If you’re driving down the road and hit a pothole, you’ll usually curse and pray that no damage has come to your car. Year after year, you might get frustrated as your city ignores potholes and cracks that could potentially be dangerous to drive on and cause damage to your vehicle. You may wonder why the city never does anything about them and how long can this keep going on before citizens take up arms and protect the city’s lacking empathy.

Here's What to Know About Paving in Cold Weather

However, in many places across the US, asphalt repairs and paving projects can’t take place during the winter. Why? Because it’s cold. Some forms of asphalt, many that have to do with the creation and upkeep of roads, can’t be mixed, set or sealed during winter because of the cold and snow. Certain types of asphalt, most notably the hot mix asphalt, can’t be set in winter because of the temperatures needed to set it properly.

If you live in an area that sees cold or snow, this is why winter can be one of the most frustrating times to drive locally.

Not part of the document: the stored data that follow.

(* Let $\mathcal{O}$ be a homogeneous and finitely generated operad. In the prefix poset of $\mathcal{O}$, for all $x,y\in\mathcal{O}$, $x\preceq y$ if and only if $x$ is a prefix of $y$, i.e. there exist $z_1,\dots,z_{|x|}\in\mathcal{O}$ with $y=x\circ[z_1,\dots,z_{|x|}]$. Moreover, $y$ covers $x$ if and only if there exist $\mathtt{a}\in\mathfrak{G}_\mathcal{O}$ and $i\in[|x|]$ such that $y=x\circ_i\mathtt{a}$.
   Context: Operads are nonsymmetric set-operads: graded sets $\mathcal{O}=\bigsqcup_n\mathcal{O}(n)$ (arity $|x|=n$ for $x\in\mathcal{O}(n)$) with partial compositions $\circ_i:\mathcal{O}(n)\times\mathcal{O}(m)\to\mathcal{O}(n+m-1)$, $i\in[n]$, and unit $\mathbf{1}\in\mathcal{O}(1)$, satisfying the usual associativity, commutativity and unit axioms. The full composition is $x\circ[z_1,\dots,z_n]=(\cdots((x\circ_n z_n)\circ_{n-1}z_{n-1})\cdots)\circ_1 z_1$ for $x\in\mathcal{O}(n)$. If $\mathcal{O}(0)=\emptyset$ and $\mathcal{O}(1)=\{\mathbf{1}\}$, $\mathcal{O}$ has a unique minimal generating set $\mathfrak{G}_\mathcal{O}$. A treelike expression of $x$ is a planar rooted tree with internal nodes decorated by elements of $\mathfrak{G}_\mathcal{O}$ (arity matching) evaluating to $x$ in $\mathcal{O}$. $\mathcal{O}$ is homogeneous if $\mathcal{O}(0)=\emptyset$, $\mathcal{O}(1)=\{\mathbf{1}\}$, and all treelike expressions of any given element have the same number of internal nodes (its degree); it is finitely generated if $\mathfrak{G}_\mathcal{O}$ is finite. The prefix poset of $\mathcal{O}$ is $\mathcal{O}$ ordered by $x\preceq y$ iff $y=(\cdots((x\circ_{i_1}\mathtt{a}_1)\circ_{i_2}\mathtt{a}_2)\cdots)\circ_{i_k}\mathtt{a}_k$ for some $k\ge0$, $\mathtt{a}_j\in\mathfrak{G}_\mathcal{O}$ and positive integers $i_j$. *)

From mathcomp Require Import all_boot.
Set Implicit Arguments. Unset Strict Implicit. Unset Printing Implicit Defensive.

(* Positions are 1-based. *)
Record operad := Operad {
  carrier :> Type;
  arity : carrier -> nat;
  ocomp : nat -> carrier -> carrier -> carrier;
  ounit : carrier;
  arity_unit : arity ounit = 1;
  arity_comp : forall i x y, 1 <= i <= arity x ->
      arity (ocomp i x y) = arity x + arity y - 1;
  comp_assoc : forall x y z i j, 1 <= i <= arity x -> 1 <= j <= arity y ->
      ocomp (i + j - 1) (ocomp i x y) z = ocomp i x (ocomp j y z);
  comp_comm : forall x y z i j, 1 <= i -> i < j -> j <= arity x ->
      ocomp (j + arity y - 1) (ocomp i x y) z = ocomp i (ocomp j x z) y;
  comp_unit_l : forall x, ocomp 1 ounit x = x;
  comp_unit_r : forall x i, 1 <= i <= arity x -> ocomp i x ounit = x
}.

Section Defs.
Variable O : operad.
Implicit Types (x y z : O) (G : O -> Prop).

(* Full composition x o [z_1, ..., z_n]
   = (...((x o_n z_n) o_{n-1} z_{n-1}) ...) o_1 z_1. *)
Fixpoint fcomp_from (i : nat) (x : O) (zs : seq O) : O :=
  match zs with
  | [::] => x
  | z :: zs' => ocomp i (fcomp_from i.+1 x zs') z
  end.
Definition full_comp (x : O) (zs : seq O) : O := fcomp_from 1 x zs.

Inductive generated G : O -> Prop :=
| gen_unit : generated G (ounit O)
| gen_base a : G a -> generated G a
| gen_comp i x y : generated G x -> generated G y -> 1 <= i <= arity x ->
    generated G (ocomp i x y).

Definition generating_set G : Prop := forall x, generated G x.

Definition min_generating_set G : Prop :=
  generating_set G /\
  forall G', (forall a, G' a -> G a) -> generating_set G' ->
    forall a, G a -> G' a.

Fixpoint in_list (a : O) (s : seq O) : Prop :=
  match s with [::] => False | b :: s' => b = a \/ in_list a s' end.

Definition finite_set G : Prop := exists s : seq O, forall a, G a <-> in_list a s.

Inductive tree : Type :=
| Leaf : tree
| Node : O -> seq tree -> tree.

Fixpoint eval_tree (t : tree) : O :=
  match t with
  | Leaf => ounit O
  | Node a ts => full_comp a (map eval_tree ts)
  end.

Fixpoint wf_tree G (t : tree) : Prop :=
  match t with
  | Leaf => True
  | Node a ts => G a /\ size ts = arity a /\
      (fix wfl (l : seq tree) : Prop :=
         match l with [::] => True | t' :: l' => wf_tree G t' /\ wfl l' end) ts
  end.

Fixpoint nodes (t : tree) : nat :=
  match t with
  | Leaf => 0
  | Node _ ts => (sumn (map nodes ts)).+1
  end.

Definition homogeneous G : Prop :=
  (forall x, arity x <> 0) /\
  (forall x, arity x = 1 -> x = ounit O) /\
  (forall t1 t2, wf_tree G t1 -> wf_tree G t2 -> eval_tree t1 = eval_tree t2 ->
     nodes t1 = nodes t2).

Inductive prefix_le G (x : O) : O -> Prop :=
| pre_refl : prefix_le G x x
| pre_step y a i : prefix_le G x y -> G a -> 1 <= i <= arity y ->
    prefix_le G x (ocomp i y a).

Definition is_prefix (x y : O) : Prop :=
  exists zs : seq O, size zs = arity x /\ y = full_comp x zs.

Definition covers (le : O -> O -> Prop) (x y : O) : Prop :=
  le x y /\ x <> y /\ forall z, le x z -> le z y -> z = x \/ z = y.

End Defs.

From mathcomp Require Import all_boot zify.

(* Every element is a composition of generators, so grafting the generators
   of z_1, ..., z_n one at a time climbs from x to x o [z_1, ..., z_n] in the
   prefix order.  Conversely, grafting a generator onto x o [z_1, ..., z_n]
   lands inside one of the blocks z_k (by associativity, after moving past
   the blocks to its left by commutativity), so the result is again a full
   composition of x.  Homogeneity makes the number of generators of an
   element well defined; it grows by exactly one along each generating step,
   hence nothing lies strictly between x and x o_i a. *)

Set Implicit Arguments.
Unset Strict Implicit.
Unset Printing Implicit Defensive.

Lemma map_set_nth (T1 T2 : Type) (f : T1 -> T2) x0 s k y :
  map f (set_nth x0 s k y) = set_nth (f x0) (map f s) k (f y).
Proof. by elim: s k => [|a s IH] [|k] //=; [elim: k => //= k -> | rewrite IH]. Qed.

Lemma leq_nth_sumn s k : nth 0 s k <= sumn s.
Proof.
elim: s k => [|m s IH] [|k] //=; first exact: leq_addr.
exact: leq_trans (IH k) (leq_addl m _).
Qed.

Section Operad.
Variable O : operad.
Hypothesis arity_gt0 : forall x : O, 0 < arity x.

Lemma arity_fcomp_from_ge zs p (x : O) : 0 < p -> p + size zs <= arity x + 1 ->
  arity x <= arity (fcomp_from p x zs).
Proof.
elim: zs p => [|z zs IH] p p_gt0 //= szs.
have le_x : arity x <= arity (fcomp_from p.+1 x zs) by apply: IH; lia.
have := arity_gt0 z.
by rewrite arity_comp; lia.
Qed.

Lemma fcomp_from_nseq_unit n p (x : O) : 0 < p -> p + n <= arity x + 1 ->
  fcomp_from p x (nseq n (ounit O)) = x.
Proof.
elim: n p => [|n IH] p p_gt0 le_n //=.
by rewrite IH ?comp_unit_r //; lia.
Qed.

Lemma full_comp_nseq_unit (x : O) : full_comp x (nseq (arity x) (ounit O)) = x.
Proof. by apply: fcomp_from_nseq_unit; lia. Qed.

Lemma ocomp_fcomp_from zs p (x y : O) i :
  0 < p -> p + size zs = arity x + 1 -> p <= i <= arity (fcomp_from p x zs) ->
  exists k j, [/\ k < size zs, 1 <= j <= arity (nth (ounit O) zs k) &
    ocomp i (fcomp_from p x zs) y =
    fcomp_from p x (set_nth (ounit O) zs k (ocomp j (nth (ounit O) zs k) y))].
Proof.
elim: zs p i => [|z zs IH] p i p_gt0 /= szs i_range; first lia.
set w := fcomp_from p.+1 x zs in i_range *.
have le_xw : arity x <= arity w by apply: arity_fcomp_from_ge; lia.
have p_range : 1 <= p <= arity w by lia.
have z_gt0 := arity_gt0 z.
rewrite arity_comp // in i_range.
case: (ltnP i (p + arity z)) => [i_in_z | i_past_z].
  exists 0, (i - p + 1); split => //=; first lia.
  rewrite -comp_assoc //; last lia.
  by have -> : p + (i - p + 1) - 1 = i by lia.
have szs' : p.+1 + size zs = arity x + 1 by lia.
have i'_range : p.+1 <= i - arity z + 1 <= arity w by lia.
have [k [j [lt_k j_range eq_w]]] := IH p.+1 _ isT szs' i'_range.
exists k.+1, j; split => //=.
have -> : i = (i - arity z + 1) + arity z - 1 by lia.
by rewrite comp_comm -?eq_w //; lia.
Qed.

Lemma ocomp_full_comp zs (x y : O) i :
  size zs = arity x -> 1 <= i <= arity (full_comp x zs) ->
  exists k j, [/\ k < size zs, 1 <= j <= arity (nth (ounit O) zs k) &
    ocomp i (full_comp x zs) y =
    full_comp x (set_nth (ounit O) zs k (ocomp j (nth (ounit O) zs k) y))].
Proof. by move=> szs; apply: ocomp_fcomp_from; lia. Qed.

Section Generators.
Variable G : O -> Prop.
Hypothesis G_generating : generating_set G.

Lemma prefix_le_ocomp (x a : O) i :
  G a -> 1 <= i <= arity x -> prefix_le G x (ocomp i x a).
Proof. exact: pre_step (pre_refl _ _). Qed.

Lemma prefix_le_trans (x y z : O) :
  prefix_le G x y -> prefix_le G y z -> prefix_le G x z.
Proof. by move=> le_xy; elim=> // w a i _ le_xw Ga i_range; apply: pre_step. Qed.

Lemma prefix_le_ocomp2l (u w v : O) p :
  1 <= p <= arity u -> prefix_le G w v -> prefix_le G (ocomp p u w) (ocomp p u v).
Proof.
move=> p_range; elim=> [|v' a i _ IH Ga i_range]; first exact: pre_refl.
rewrite -comp_assoc //; apply: pre_step => //.
by rewrite arity_comp //; lia.
Qed.

Lemma unit_prefix_le (z : O) : generated G z -> prefix_le G (ounit O) z.
Proof.
elim=> [|a Ga|i x y _ le_1x _ le_1y i_range].
- exact: pre_refl.
- by rewrite -(comp_unit_l a); apply: prefix_le_ocomp; rewrite ?arity_unit.
- apply: prefix_le_trans le_1x _.
  by rewrite -{1}(comp_unit_r i_range); apply: prefix_le_ocomp2l i_range le_1y.
Qed.

Lemma prefix_le_fcomp_from zs p (x : O) : 0 < p -> p + size zs <= arity x + 1 ->
  prefix_le G x (fcomp_from p x zs).
Proof.
elim: zs p => [|z zs IH] p p_gt0 /= szs; first exact: pre_refl.
set w := fcomp_from p.+1 x zs.
have le_xw : arity x <= arity w by apply: arity_fcomp_from_ge; lia.
have p_range : 1 <= p <= arity w by lia.
apply: prefix_le_trans (IH p.+1 isT _) _; first lia.
rewrite -/w -{1}(comp_unit_r p_range).
exact: prefix_le_ocomp2l p_range (unit_prefix_le (G_generating z)).
Qed.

You’ll see parking lots, streets and driveways in dire need of replacement and repair. They get worse during the winter, especially as people have to drive over them to get to and fro. It may be frustrating, but there’s really nothing the city can do until the spring. That’s why when the weather warms up and the cold is behind a place, you’ll see asphalt companies just about everywhere.

If you live in an area that’s prone to cold, snow and bad weather during winter, do what you can to avoid areas you know are damaged. This will save you time and frustration having to put your vehicle in the shop. Potholes can be especially damaging to cars, even causing accidents. If you can avoid them, do so at all costs. If you can’t, do your best to avoid them by turning to the side or switching lanes. Until the spring is here, the best you can do is avoid potholes and cracks in the asphalt roads you drive on every day.